* Instructions for the task *
Every record is to be restated exactly, with nothing left out.

Saved data entries
%%
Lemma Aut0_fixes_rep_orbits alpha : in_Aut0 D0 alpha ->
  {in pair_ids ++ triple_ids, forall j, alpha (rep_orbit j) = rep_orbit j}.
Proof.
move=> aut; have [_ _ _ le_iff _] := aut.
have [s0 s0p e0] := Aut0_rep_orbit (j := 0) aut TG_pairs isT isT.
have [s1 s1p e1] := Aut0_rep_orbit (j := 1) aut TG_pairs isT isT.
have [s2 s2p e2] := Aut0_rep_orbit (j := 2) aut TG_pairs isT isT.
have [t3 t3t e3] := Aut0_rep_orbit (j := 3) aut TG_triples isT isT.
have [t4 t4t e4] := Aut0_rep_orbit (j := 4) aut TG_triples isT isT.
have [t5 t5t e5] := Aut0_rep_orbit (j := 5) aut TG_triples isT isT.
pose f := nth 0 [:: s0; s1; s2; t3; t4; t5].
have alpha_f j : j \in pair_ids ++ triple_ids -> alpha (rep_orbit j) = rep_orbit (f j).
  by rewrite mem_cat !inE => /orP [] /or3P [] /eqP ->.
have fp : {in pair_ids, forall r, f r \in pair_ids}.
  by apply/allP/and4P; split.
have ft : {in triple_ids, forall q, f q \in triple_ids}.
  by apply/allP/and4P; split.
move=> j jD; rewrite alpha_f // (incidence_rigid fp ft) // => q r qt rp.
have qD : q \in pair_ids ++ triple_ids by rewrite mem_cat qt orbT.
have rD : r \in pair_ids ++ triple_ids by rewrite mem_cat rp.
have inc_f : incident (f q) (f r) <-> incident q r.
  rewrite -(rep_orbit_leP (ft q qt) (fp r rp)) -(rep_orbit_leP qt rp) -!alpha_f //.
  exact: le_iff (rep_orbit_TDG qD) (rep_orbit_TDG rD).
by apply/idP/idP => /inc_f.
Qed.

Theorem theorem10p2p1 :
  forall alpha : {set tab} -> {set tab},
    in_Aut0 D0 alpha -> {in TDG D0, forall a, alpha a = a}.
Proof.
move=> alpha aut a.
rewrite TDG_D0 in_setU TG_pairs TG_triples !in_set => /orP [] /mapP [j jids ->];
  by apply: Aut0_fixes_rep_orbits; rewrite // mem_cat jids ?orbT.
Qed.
%%
* Answer box *
Lemma Aut0_fixes_rep_orbits alpha : in_Aut0 D0 alpha ->
  {in pair_ids ++ triple_ids, forall j, alpha (rep_orbit j) = rep_orbit j}.
Proof.
move=> aut; have [_ _ _ le_iff _] := aut.
have [s0 s0p e0] := Aut0_rep_orbit (j := 0) aut TG_pairs isT isT.
have [s1 s1p e1] := Aut0_rep_orbit (j := 1) aut TG_pairs isT isT.
have [s2 s2p e2] := Aut0_rep_orbit (j := 2) aut TG_pairs isT isT.
have [t3 t3t e3] := Aut0_rep_orbit (j := 3) aut TG_triples isT isT.
have [t4 t4t e4] := Aut0_rep_orbit (j := 4) aut TG_triples isT isT.
have [t5 t5t e5] := Aut0_rep_orbit (j := 5) aut TG_triples isT isT.
pose f := nth 0 [:: s0; s1; s2; t3; t4; t5].
have alpha_f j : j \in pair_ids ++ triple_ids -> alpha (rep_orbit j) = rep_orbit (f j).
  by rewrite mem_cat !inE => /orP [] /or3P [] /eqP ->.
have fp : {in pair_ids, forall r, f r \in pair_ids}.
  by apply/allP/and4P; split.
have ft : {in triple_ids, forall q, f q \in triple_ids}.
  by apply/allP/and4P; split.
move=> j jD; rewrite alpha_f // (incidence_rigid fp ft) // => q r qt rp.
have qD : q \in pair_ids ++ triple_ids by rewrite mem_cat qt orbT.
have rD : r \in pair_ids ++ triple_ids by rewrite mem_cat rp.
have inc_f : incident (f q) (f r) <-> incident q r.
  rewrite -(rep_orbit_leP (ft q qt) (fp r rp)) -(rep_orbit_leP qt rp) -!alpha_f //.
  exact: le_iff (rep_orbit_TDG qD) (rep_orbit_TDG rD).
by apply/idP/idP => /inc_f.
Qed.

Theorem theorem10p2p1 :
  forall alpha : {set tab} -> {set tab},
    in_Aut0 D0 alpha -> {in TDG D0, forall a, alpha a = a}.
Proof.
move=> alpha aut a.
rewrite TDG_D0 in_setU TG_pairs TG_triples !in_set => /orP [] /mapP [j jids ->];
  by apply: Aut0_fixes_rep_orbits; rewrite // mem_cat jids ?orbT.
Qed.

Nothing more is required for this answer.